=== Begin Enclosure ===

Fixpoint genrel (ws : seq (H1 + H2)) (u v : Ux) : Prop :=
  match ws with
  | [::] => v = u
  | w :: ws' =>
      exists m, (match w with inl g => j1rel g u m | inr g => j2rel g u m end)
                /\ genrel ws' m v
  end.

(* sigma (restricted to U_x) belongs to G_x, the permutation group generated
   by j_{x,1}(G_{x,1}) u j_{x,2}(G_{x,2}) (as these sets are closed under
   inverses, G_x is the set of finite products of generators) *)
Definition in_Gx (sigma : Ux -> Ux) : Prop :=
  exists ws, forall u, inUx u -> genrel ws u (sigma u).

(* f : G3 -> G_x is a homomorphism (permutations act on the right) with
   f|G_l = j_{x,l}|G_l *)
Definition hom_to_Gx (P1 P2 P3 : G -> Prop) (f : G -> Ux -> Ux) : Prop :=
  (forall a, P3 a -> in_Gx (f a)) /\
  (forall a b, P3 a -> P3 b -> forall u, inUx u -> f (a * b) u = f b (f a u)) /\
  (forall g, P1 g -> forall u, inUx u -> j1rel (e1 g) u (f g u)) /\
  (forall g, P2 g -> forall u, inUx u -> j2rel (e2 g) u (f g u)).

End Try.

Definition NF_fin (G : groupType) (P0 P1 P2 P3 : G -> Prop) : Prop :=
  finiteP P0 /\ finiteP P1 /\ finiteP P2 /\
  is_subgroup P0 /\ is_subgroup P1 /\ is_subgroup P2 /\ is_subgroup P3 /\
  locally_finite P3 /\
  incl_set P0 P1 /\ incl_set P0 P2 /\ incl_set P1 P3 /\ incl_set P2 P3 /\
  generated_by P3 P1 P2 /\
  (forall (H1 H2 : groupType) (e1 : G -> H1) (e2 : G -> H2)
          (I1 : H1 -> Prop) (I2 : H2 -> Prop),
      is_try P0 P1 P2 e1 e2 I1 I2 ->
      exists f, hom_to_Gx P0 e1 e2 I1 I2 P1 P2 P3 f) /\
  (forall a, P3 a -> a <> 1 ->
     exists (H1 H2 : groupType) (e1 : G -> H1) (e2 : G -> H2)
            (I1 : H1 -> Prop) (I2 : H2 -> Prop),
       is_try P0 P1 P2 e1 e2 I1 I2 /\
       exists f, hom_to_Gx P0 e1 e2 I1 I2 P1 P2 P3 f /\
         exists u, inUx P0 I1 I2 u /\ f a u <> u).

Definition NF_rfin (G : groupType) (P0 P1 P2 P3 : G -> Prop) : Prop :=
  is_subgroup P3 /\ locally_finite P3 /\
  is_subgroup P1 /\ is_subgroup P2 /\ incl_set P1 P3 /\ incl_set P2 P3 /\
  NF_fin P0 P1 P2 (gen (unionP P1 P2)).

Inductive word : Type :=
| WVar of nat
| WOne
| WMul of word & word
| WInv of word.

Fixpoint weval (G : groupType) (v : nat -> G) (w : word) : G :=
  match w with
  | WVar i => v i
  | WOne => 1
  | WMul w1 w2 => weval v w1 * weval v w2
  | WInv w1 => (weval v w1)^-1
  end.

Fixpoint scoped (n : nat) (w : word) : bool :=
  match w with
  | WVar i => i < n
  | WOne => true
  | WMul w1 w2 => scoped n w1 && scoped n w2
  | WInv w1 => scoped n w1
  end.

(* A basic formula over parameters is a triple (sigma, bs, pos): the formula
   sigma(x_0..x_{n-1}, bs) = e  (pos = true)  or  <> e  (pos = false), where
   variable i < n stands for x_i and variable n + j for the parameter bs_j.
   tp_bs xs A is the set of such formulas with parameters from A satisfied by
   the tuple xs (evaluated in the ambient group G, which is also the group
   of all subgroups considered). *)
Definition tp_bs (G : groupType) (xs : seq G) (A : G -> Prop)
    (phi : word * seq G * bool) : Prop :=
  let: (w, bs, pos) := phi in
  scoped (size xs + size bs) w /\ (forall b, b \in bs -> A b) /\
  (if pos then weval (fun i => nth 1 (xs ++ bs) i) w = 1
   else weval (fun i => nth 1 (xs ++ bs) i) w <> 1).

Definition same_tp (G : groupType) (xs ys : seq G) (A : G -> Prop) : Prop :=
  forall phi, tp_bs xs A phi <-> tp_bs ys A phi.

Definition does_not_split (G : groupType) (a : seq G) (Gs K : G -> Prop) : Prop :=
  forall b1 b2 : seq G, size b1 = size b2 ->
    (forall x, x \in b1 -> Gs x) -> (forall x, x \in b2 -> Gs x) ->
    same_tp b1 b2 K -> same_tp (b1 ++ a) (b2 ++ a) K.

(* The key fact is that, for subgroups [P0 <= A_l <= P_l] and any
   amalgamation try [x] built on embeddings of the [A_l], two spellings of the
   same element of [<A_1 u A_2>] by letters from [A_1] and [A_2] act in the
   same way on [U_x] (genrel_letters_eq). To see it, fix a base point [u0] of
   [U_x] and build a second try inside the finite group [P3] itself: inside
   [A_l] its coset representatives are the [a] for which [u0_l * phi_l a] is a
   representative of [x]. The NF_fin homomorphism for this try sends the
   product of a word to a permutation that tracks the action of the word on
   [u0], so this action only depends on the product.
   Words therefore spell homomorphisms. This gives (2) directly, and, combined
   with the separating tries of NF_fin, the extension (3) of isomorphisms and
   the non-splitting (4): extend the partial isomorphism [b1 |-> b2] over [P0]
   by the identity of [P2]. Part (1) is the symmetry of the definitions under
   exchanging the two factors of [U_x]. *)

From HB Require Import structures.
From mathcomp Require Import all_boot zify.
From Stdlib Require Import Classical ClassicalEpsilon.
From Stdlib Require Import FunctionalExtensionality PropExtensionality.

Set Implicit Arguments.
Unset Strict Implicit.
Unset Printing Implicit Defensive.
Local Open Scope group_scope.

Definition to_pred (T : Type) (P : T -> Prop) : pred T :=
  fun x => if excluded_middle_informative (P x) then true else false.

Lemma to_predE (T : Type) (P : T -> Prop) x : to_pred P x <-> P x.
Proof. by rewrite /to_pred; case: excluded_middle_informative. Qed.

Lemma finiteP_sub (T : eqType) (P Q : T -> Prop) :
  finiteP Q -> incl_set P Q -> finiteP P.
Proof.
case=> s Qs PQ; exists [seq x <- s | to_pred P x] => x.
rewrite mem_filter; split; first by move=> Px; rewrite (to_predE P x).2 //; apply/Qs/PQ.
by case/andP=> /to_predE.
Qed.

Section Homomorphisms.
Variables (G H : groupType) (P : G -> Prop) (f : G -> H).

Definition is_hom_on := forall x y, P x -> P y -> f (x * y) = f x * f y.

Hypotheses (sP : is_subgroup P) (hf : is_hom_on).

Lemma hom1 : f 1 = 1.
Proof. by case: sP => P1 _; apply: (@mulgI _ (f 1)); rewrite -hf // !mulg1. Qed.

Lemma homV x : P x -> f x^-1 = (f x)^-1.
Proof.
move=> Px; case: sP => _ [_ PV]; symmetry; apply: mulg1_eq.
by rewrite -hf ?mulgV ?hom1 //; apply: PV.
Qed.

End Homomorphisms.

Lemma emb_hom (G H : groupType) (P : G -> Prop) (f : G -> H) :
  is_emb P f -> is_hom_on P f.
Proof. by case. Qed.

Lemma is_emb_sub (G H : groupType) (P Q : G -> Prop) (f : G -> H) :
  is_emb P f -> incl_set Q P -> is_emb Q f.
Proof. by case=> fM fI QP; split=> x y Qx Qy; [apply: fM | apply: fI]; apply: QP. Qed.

=== End Enclosure ===

Try it -
Once you reach the line that holds "fun x => if", print it and every line after it through the end of the records, word for word.

Answer below -
  fun x => if excluded_middle_informative (P x) then true else false.

Lemma to_predE (T : Type) (P : T -> Prop) x : to_pred P x <-> P x.
Proof. by rewrite /to_pred; case: excluded_middle_informative. Qed.

Lemma finiteP_sub (T : eqType) (P Q : T -> Prop) :
  finiteP Q -> incl_set P Q -> finiteP P.
Proof.
case=> s Qs PQ; exists [seq x <- s | to_pred P x] => x.
rewrite mem_filter; split; first by move=> Px; rewrite (to_predE P x).2 //; apply/Qs/PQ.
by case/andP=> /to_predE.
Qed.

Section Homomorphisms.
Variables (G H : groupType) (P : G -> Prop) (f : G -> H).

Definition is_hom_on := forall x y, P x -> P y -> f (x * y) = f x * f y.

Hypotheses (sP : is_subgroup P) (hf : is_hom_on).

Lemma hom1 : f 1 = 1.
Proof. by case: sP => P1 _; apply: (@mulgI _ (f 1)); rewrite -hf // !mulg1. Qed.

Lemma homV x : P x -> f x^-1 = (f x)^-1.
Proof.
move=> Px; case: sP => _ [_ PV]; symmetry; apply: mulg1_eq.
by rewrite -hf ?mulgV ?hom1 //; apply: PV.
Qed.

End Homomorphisms.

Lemma emb_hom (G H : groupType) (P : G -> Prop) (f : G -> H) :
  is_emb P f -> is_hom_on P f.
Proof. by case. Qed.

Lemma is_emb_sub (G H : groupType) (P Q : G -> Prop) (f : G -> H) :
  is_emb P f -> incl_set Q P -> is_emb Q f.
Proof. by case=> fM fI QP; split=> x y Qx Qy; [apply: fM | apply: fI]; apply: QP. Qed.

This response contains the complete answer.